## G-Market 크롤링

* G-Market의 best item 정보를 크롤링 후 mysql에 저장할것.

1. `DB 스키마 설계`

In [3]:
# # table - ranking
# CREATE TABLE ranking (
#     num INT AUTO_INCREMENT NOT NULL PRIMARY KEY, # 카테고리별로 랭킹 1,2,...존재함. ranking을 pk로 사용 불가
#     main_category VARCHAR(50) NOT NULL, # 
#     sub_category VARCHAR(50) NOT NULL, # 
#     item_ranking TINYINT UNSIGNED NOT NULL, # 상품 랭킹
#     item_code VARCHAR(20) NOT NULL, #
#     FOREIGN KEY(item_code) REFERENCES items(item_code) # 상품별 code를 참조함
# );

# # table - item
# CREATE TABLE items(
#     item_code VARCHAR(20) NOT NULL PRIMARY KEY,
#     title VARCHAR(200) NOT NULL,
#     ori_price INT NOT NULL,
#     dis_price INT NOT NULL,
#     discount_percent INT NOT NULL,
#     provider VARCHAR(100)
# );

In [1]:
import pymysql

db = pymysql.connect(host='localhost', port=3306, user='root', passwd='3927', db='bestproducts', charset='utf8')
cursor = db.cursor()

sql = '''
CREATE TABLE items(
    item_code VARCHAR(20) NOT NULL PRIMARY KEY,
    title VARCHAR(200) NOT NULL,
    ori_price INT NOT NULL,
    dis_price INT NOT NULL,
    discount_percent INT NOT NULL,
    provider VARCHAR(100)
);    
'''

cursor.execute(sql)

sql = '''
CREATE TABLE ranking (
    num INT AUTO_INCREMENT NOT NULL PRIMARY KEY, # 카테고리별로 랭킹 1,2,...존재함. ranking을 pk로 사용 불가
    main_category VARCHAR(50) NOT NULL, # 
    sub_category VARCHAR(50) NOT NULL, # 
    item_ranking TINYINT UNSIGNED NOT NULL, # 상품 랭킹
    item_code VARCHAR(20) NOT NULL, #
    FOREIGN KEY(item_code) REFERENCES items(item_code) # 상품별 code를 참조함
);
'''
cursor.execute(sql)

db.commit()
db.close()

2. `크롤링`

In [4]:
import requests
from bs4 import BeautifulSoup

In [19]:
## main category 크롤링
res = requests.get('http://corners.gmarket.co.kr/Bestsellers') # base url
soup = BeautifulSoup(res.content, 'html.parser')

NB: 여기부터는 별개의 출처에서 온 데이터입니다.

Lemma In_memP (T : eqType) (x : T) (s : seq T) : reflect (List.In x s) (x \in s).
Proof.
elim: s => [|y s IHs] /=; first by constructor.
rewrite inE; apply: (iffP orP) => [[/eqP ->|/IHs]|[->|/IHs]];
  by [left | right | rewrite eqxx].
Qed.

Section AffineBracket.
Variables (R : realType) (t : ade_type) (g : vectType (CC R)) (br : g -> g -> g).
Hypothesis br_linl : forall (a : CC R) x y z, br (a *: x + y) z = a *: br x z + br y z.
Hypothesis br_linr : forall (a : CC R) x y z, br z (a *: x + y) = a *: br z x + br z y.

Let brl (z : g) : {linear g -> g} :=
  HB.pack (br^~ z)
    (GRing.isLinear.Build _ _ _ *:%R (br^~ z) (fun a x y => br_linl a x y z)).
Let brr (z : g) : {linear g -> g} :=
  HB.pack (br z)
    (GRing.isLinear.Build _ _ _ *:%R (br z) (fun a x y => br_linr a x y z)).

Let br0l z : br 0 z = 0. Proof. exact: (raddf0 (brl z)). Qed.
Let br0r z : br z 0 = 0. Proof. exact: (raddf0 (brr z)). Qed.
Let brZl (a : CC R) x z : br (a *: x) z = a *: br x z.
Proof. exact: (linearZZ (brl z)). Qed.
Let brZr (a : CC R) x z : br z (a *: x) = a *: br z x.
Proof. exact: (linearZZ (brr z)). Qed.
Let br_suml (I : Type) (r : seq I) (F : I -> g) z :
  br (\sum_(i <- r) F i) z = \sum_(i <- r) br (F i) z.
Proof. exact: (raddf_sum (brl z)). Qed.
Let br_sumr (I : Type) (r : seq I) (F : I -> g) z :
  br z (\sum_(i <- r) F i) = \sum_(i <- r) br z (F i).
Proof. exact: (raddf_sum (brr z)). Qed.
(* Let $n_1,\dots,n_k$ be nonnegative integers and $N=n_1+\dots+n_k$. Then \[ \mathcal{L}^{(t)}_T\Big(\prod_{i=1}^{k}T^{(t)}_{n_i}(x)\Big) \] equals the number of subsets $S$ (the ''marked'' vertices) of the vertex set of $C_{n_1}\sqcup\dots\sqcup C_{n_k}$ with $|S|=N/(t+1)$ (the count is $0$ if $N/(t+1)$ is not an integer) such that for every marked vertex $j$ in a cycle $C_{n_i}$, the $t$ vertices $j+1,j+2,\dots,j+t$ (indices mod $n_i$) are not all unmarked.
   Context: Fix an integer $t\ge1$. For $n\ge1$ let $C_n$ be the $n$-cycle with vertices $1,\dots,n$ (indices mod $n$); $C_0$ is empty. If $n\ge t+1$, the $t$-paths in $C_n$ are the $n$ sequences $(i,i+1,\dots,i+t)$ mod $n$, $i=1,\dots,n$; if $n\le t$ there are none. Define $T^{(t)}_n(x)=\sum_F(-1)^{|F|}x^{\,n-(t+1)|F|}$ over all families $F$ of $t$-paths in $C_n$ with pairwise disjoint vertex sets, $T^{(t)}_0=1$. Let $\mathcal{L}^{(t)}_T$ be the linear functional on polynomials with $\mathcal{L}^{(t)}_T(x^{(t+1)j})=\binom{(t+1)j}{j}$ for $j\ge0$ and $\mathcal{L}^{(t)}_T(x^m)=0$ if $t+1\nmid m$. *)

From HB Require Import structures.
From mathcomp Require Import all_boot all_order all_algebra.
Set Implicit Arguments. Unset Strict Implicit. Unset Printing Implicit Defensive.
Import Order.TTheory GRing.Theory Num.Theory.
Local Open Scope ring_scope.

(* Vertices of C_n are 'I_n (vertex v+1 of the paper is v here).
   The t-path starting at i has vertex set { (i + s) mod n | 0 <= s <= t }. *)
Definition tpath_vert (t n : nat) (i : 'I_n) : {set 'I_n} :=
  [set j : 'I_n | [exists s : 'I_t.+1, ((i + s) %% n)%N == j]].

(* A family of t-paths (indexed by starting points F) with pairwise disjoint
   vertex sets; t-paths exist only if n >= t+1. *)
Definition disj_family (t n : nat) (F : {set 'I_n}) : bool :=
  (F == set0) ||
  ((t < n)%N &&
   [forall a in F, forall b in F,
      (a != b) ==> [disjoint (@tpath_vert t n a) & (@tpath_vert t n b)]]).

Definition Tpoly (t n : nat) : {poly int} :=
  \sum_(F : {set 'I_n} | @disj_family t n F)
     ((-1) ^+ #|F|) *: 'X^(n - t.+1 * #|F|).

Definition LT (t : nat) (p : {poly int}) : int :=
  \sum_(m < size p)
     p`_m * (if (t.+1 %| m)%N then ('C(m, m %/ t.+1))%:Z else 0).

Definition good_marking (t k : nat) (n : 'I_k -> nat)
    (S : {set {i : 'I_k & 'I_(n i)}}) : bool :=
  [forall v in S,
     [exists j' : 'I_(n (tag v)),
        [exists s : 'I_t.+1,
           [&& (0 < s)%N, (((tagged v) + s) %% n (tag v))%N == j'
             & Tagged (fun i => 'I_(n i)) j' \in S]]]].

(* Let V be the disjoint union of the cycles, N = |V|, and call a marked vertex of a
   marking S "bad" when none of its t successors is marked.
   1. Expanding the product, T_{n_1} ... T_{n_k} = Σ_F (-1)^|F| x^(N - (t+1)|F|), where
      F ranges over the families of pairwise disjoint t-paths of V, each path being
      identified with its starting vertex.
   2. If N = (t+1)M, then L_T(x^(N - (t+1)|F|)) = C((t+1)(M-|F|), M-|F|) counts the
      (M-|F|)-subsets of the vertices not covered by F.  Adding the starting points F to
      such a subset is a bijection onto the M-markings S all of whose vertices in F are
      bad.  If t+1 does not divide N, every term and the count itself are 0.
   3. Any set of bad vertices of S is a disjoint family, so exchanging the summations
      each M-marking S contributes Σ_{F ⊆ bad(S)} (-1)^|F| = [bad(S) = ∅]: exactly the
      good markings are counted. *)

From HB Require Import structures.
From mathcomp Require Import all_boot all_order all_algebra.
Set Implicit Arguments. Unset Strict Implicit. Unset Printing Implicit Defensive.
Import GRing.Theory.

categories = soup.select('div.gbest-cate ul.by-group li a')

for category in categories:
    print("http://corners.gmarket.co.kr/" + category['href'], category.get_text())

http://corners.gmarket.co.kr//Bestsellers ALL
http://corners.gmarket.co.kr//Bestsellers?viewType=G&groupCode=G01 패션의류
http://corners.gmarket.co.kr//Bestsellers?viewType=G&groupCode=G02 신발/잡화
http://corners.gmarket.co.kr//Bestsellers?viewType=G&groupCode=G03 화장품/헤어
http://corners.gmarket.co.kr//Bestsellers?viewType=G&groupCode=G04 유아동/출산
http://corners.gmarket.co.kr//Bestsellers?viewType=G&groupCode=G07 식품
http://corners.gmarket.co.kr//Bestsellers?viewType=G&groupCode=G08 생활/주방/건강
http://corners.gmarket.co.kr//Bestsellers?viewType=G&groupCode=G09 가구/침구
http://corners.gmarket.co.kr//Bestsellers?viewType=G&groupCode=G05 스포츠/자동차
http://corners.gmarket.co.kr//Bestsellers?viewType=G&groupCode=G06 컴퓨터/전자
http://corners.gmarket.co.kr//Bestsellers?viewType=G&groupCode=G10 도서/음반
http://corners.gmarket.co.kr//Bestsellers?viewType=G&groupCode=G11 여행
http://corners.gmarket.co.kr//Bestsellers?viewType=G&groupCode=G12 e쿠폰/티켓


In [31]:
## sub category 크롤링

def get_category(category_link, category_name): # input main category link, main category name
    print("***Main Category*** : ",category_name) # 현재 어느 메인의 서브를 파싱중인지 알기위해
    
    res = requests.get(category_link)
    soup = BeautifulSoup(res.content, 'html.parser') # 해당 메인에서의 서브카테고리 파싱
    sub_categories = soup.select('div.navi.group ul li a')
    for sub_category in sub_categories:
        print("Sub Category :",sub_category.get_text(),"Sub Category Link :" ,"http://corners.gmarket.co.kr/" + sub_category['href'])
        print("###########################################################################")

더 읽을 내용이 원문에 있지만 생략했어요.